Esme riu, deliciada com a euforia da filha. – Eu estou com dois meses de gestação. E foi bastante fácil descobrir isso na semana passada, quando você não consegue manter seu jantar no estômago e o pai do bebê é um médico. – ela sorriu para Carlisle.
- Como eu não percebi que você estava tão enjoada? - Bella perguntou para si mesma, pasma.
- Acho que tínhamos muita coisa na cabeça. – Edward riu e abraçou Esme também. – Essa é uma notícia incrível, mãe. Mal posso dizer o quanto estou feliz por você.
- Obrigado, meus filhos. – ela abraçou os dois pelos ombros – E saibam que sempre serão meus bebês, mesmo quando seu irmãozinho chegar.
- Eu mal posso esperar por isso. – Bella beijou sua bochecha – Fico tão feliz por vocês dois...
- Eu espero que o resto dos convidados fique também... – Esme sorriu – Mas, independente de qualquer coisa, esse foi o melhor presente de natal que eu poderia ter recebido: tenho meus três filhos comigo e me casei com o homem da minha vida. Nada poderia ser melhor.
- A hora já está um pouco avançada. – Carlisle disse, suavemente – Devemos fazer o anúncio para que você possa jogar o buquê e nós possamos... – ele pigarreou – Ir dormir.
- Sim, claro. – Esme sorriu – Vamos lá, queridos. Quero vocês na primeira fila.
E eles dois estavam exatamente lá, abraçados, – apesar dos olhares confusos e chocados de vários convidados – quando Esme anunciou que estava aguardando a chegada de um novo Cullen. E, quando ela jogou o buquê antes de Carlisle carregá-la no colo para o quarto onde eles teriam sua noite de núpcias, Bella não pode deixar de gargalhar alto quando ele voou mais longe do que o previsto e bateu diretamente no peito de Jasper, que o pegou desajeitadamente, enquanto Alice vibrava.
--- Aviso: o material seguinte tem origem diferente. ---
(* Let $\mathcal{L}$, $\mathcal{U}$, the bang-calculus interpretation $[\![\cdot]\!]$ and the CbN interpretation $[\![\cdot]\!]^n$ be as described in the context. For every $\lambda$-term $M$ and every repetition-free list $\vec x=(x_1,\dots,x_k)$ of variables with $\mathrm{FV}(M)\subseteq\{x_1,\dots,x_k\}$, one has $[\![M^n]\!]_{\vec x}=[\![M]\!]^n_{\vec x}$ up to Seely's isomorphisms, i.e. $[\![M^n]\!]_{\vec x}=[\![M]\!]^n_{\vec x}\circ\mu$, where $\mu:(!\mathcal{U})^{\otimes k}\to\,!(\mathcal{U}^k)$ is the canonical isomorphism built from the Seely isomorphisms $m^0,m^2$.
   Context: Bang calculus terms: $T,S ::= x\mid \lambda x.T\mid T\,S\mid \mathrm{der}\,T\mid\ !T$ ($\lambda$ the only binder). CbN translation of $\lambda$-terms: $x^n=x$, $(\lambda x.M)^n=\lambda x.M^n$, $(MN)^n=M^n\,(!N^n)$. Categorical setting: $\mathcal{L}$ is a $*$-autonomous category (symmetric monoidal closed with tensor $\otimes$, unit $1$, linear hom $X\multimap Y$, evaluation $\mathrm{ev}\in\mathcal{L}((X\multimap Y)\otimes X,Y)$, linear currying $\mathrm{cur}:\mathcal{L}(Z\otimes X,Y)\to\mathcal{L}(Z,X\multimap Y)$, dualizing object) which is cartesian (terminal $\top$, product $\&$, projections $\pi_1,\pi_2$, pairing $\langle f,g\rangle$), hence cocartesian with initial object $0$; it is equipped with a comonad $(!,\mathrm{der},\mathrm{dig})$ (dereliction $\mathrm{der}_X:\,!X\to X$, digging $\mathrm{dig}_X:\,!X\to\,!!X$) which is strong symmetric monoidal from $(\mathcal{L},\&,\top)$ to $(\mathcal{L},\otimes,1)$ via Seely isos $m^0\in\mathcal{L}(1,!\top)$, $m^2_{X,Y}\in\mathcal{L}(!X\otimes !Y,!(X\& Y))$, coherent with digging (a denotational model of linear logic). It is assumed that $0=\top$; then $0_{X,Y}\in\mathcal{L}(X,Y)$ denotes the composite $X\to\top=0\to Y$. Weakening $\mathrm{w}_X:\,!X\to1$ and contraction $\mathrm{c}$ (on $(!\mathcal{U})^{\otimes k}$, into $(!\mathcal{U})^{\otimes k}\otimes(!\mathcal{U})^{\otimes k}$) and the coalgebra structure map $\mathrm{p}:(!\mathcal{U})^{\otimes k}\to\,!((!\mathcal{U})^{\otimes k})$ are the standard ones. $\mathcal{U}$ is an object with $\mathcal{U}=\,!\mathcal{U}\,\&\,(!\mathcal{U}\multimap\mathcal{U})$. Bang interpretation: for a repetition-free list $\vec x=(x_1,\dots,x_k)$ containing $\mathrm{FV}(T)$, $[\![T]\!]_{\vec x}\in\mathcal{L}((!\mathcal{U})^{\otimes k},\mathcal{U})$: $[\![x_i]\!]_{\vec x}=\mathrm{w}^{\otimes i-1}\otimes\mathrm{der}_{\mathcal{U}}\otimes\mathrm{w}^{\otimes k-i}$ (up to unit isos); $[\![\lambda y.S]\!]_{\vec x}=\langle 0,\mathrm{cur}([\![S]\!]_{\vec x,y})\rangle$; $[\![S\,R]\!]_{\vec x}=\mathrm{ev}\circ((\pi_2[\![S]\!]_{\vec x})\otimes(\pi_1[\![R]\!]_{\vec x}))\circ\mathrm{c}$; $[\![!S]\!]_{\vec x}=\langle\,!([\![S]\!]_{\vec x})\circ\mathrm{p},\,0\rangle$; $[\![\mathrm{der}\,S]\!]_{\vec x}=\mathrm{der}_{\mathcal{U}}\circ\pi_1\circ[\![S]\!]_{\vec x}$. CbN interpretation: the Kleisli category $\mathcal{L}_!$ has $\mathcal{L}_!(A,B)=\mathcal{L}(!A,B)$, composition $f\circ_! g=f\circ\,!g\circ\mathrm{dig}$, identities $\mathrm{der}_A$, Kleisli projections $\pi_i\circ\mathrm{der}$, exponential $!A\multimap B$ with $\mathrm{Ev}=\mathrm{ev}\circ(\mathrm{der}_{!A\multimap B}\otimes\mathrm{id}_{!A})\circ(m^2)^{-1}$ and $\mathrm{Cur}(f)=\mathrm{cur}(f\circ m^2)$. Let $\mathrm{lam}=\langle 0,\mathrm{id}\rangle\in\mathcal{L}(!\mathcal{U}\multimap\mathcal{U},\mathcal{U})$, $\mathrm{app}=\pi_2$, $\mathrm{lam}_n=\mathrm{der}_{\mathcal{U}}\circ\,!\mathrm{lam}$, $\mathrm{app}_n=\mathrm{der}_{!\mathcal{U}\multimap\mathcal{U}}\circ\,!\mathrm{app}$. With $\mathcal{U}^k=\&_{i=1}^k\mathcal{U}$, $[\![M]\!]^n_{\vec x}\in\mathcal{L}_!(\mathcal{U}^k,\mathcal{U})$ is: $[\![x_i]\!]^n_{\vec x}=\pi_i\circ\mathrm{der}_{\mathcal{U}^k}$; $[\![\lambda y.M]\!]^n_{\vec x}=\mathrm{lam}_n\circ_!\mathrm{Cur}([\![M]\!]^n_{\vec x,y})$; $[\![MN]\!]^n_{\vec x}=\mathrm{Ev}\circ_!\langle\mathrm{app}_n\circ_![\![M]\!]^n_{\vec x},[\![N]\!]^n_{\vec x}\rangle$. *)

From Stdlib Require Import List Arith.
Import ListNotations.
- Parece que vamos ter outro casamento mais cedo do que pensávamos. – Bella riu, vendo sua amiga pular no colo de Jasper e quase derrubá-lo.
- Eu espero que sim... – Edward murmurou distraidamente, o queixo e o nariz enterrados em cabelo enquanto ele a abraçava por trás. - Então, Stra. Swan... Quais são seus planos para mais tarde?
Ela ergueu a cabeça e sorriu alegremente para ele.
- Ser muito feliz, Sr. Masen.
(***)
- Essa é a maior árvore de natal que eu já vi em toda a minha vida.
- Bella, você já falou isso umas cinco vezes desde que finalmente percebeu que ela estava aí. – Edward riu.
- Mas a cada vez que eu olho, ela parece ainda mais impressionante. – ela se defendeu, encarando o enorme pinheiro, cujo topo com uma estrela dourada quase encostava no teto, decorado com bolas coloridas e luzes vermelhas, douradas e brancas.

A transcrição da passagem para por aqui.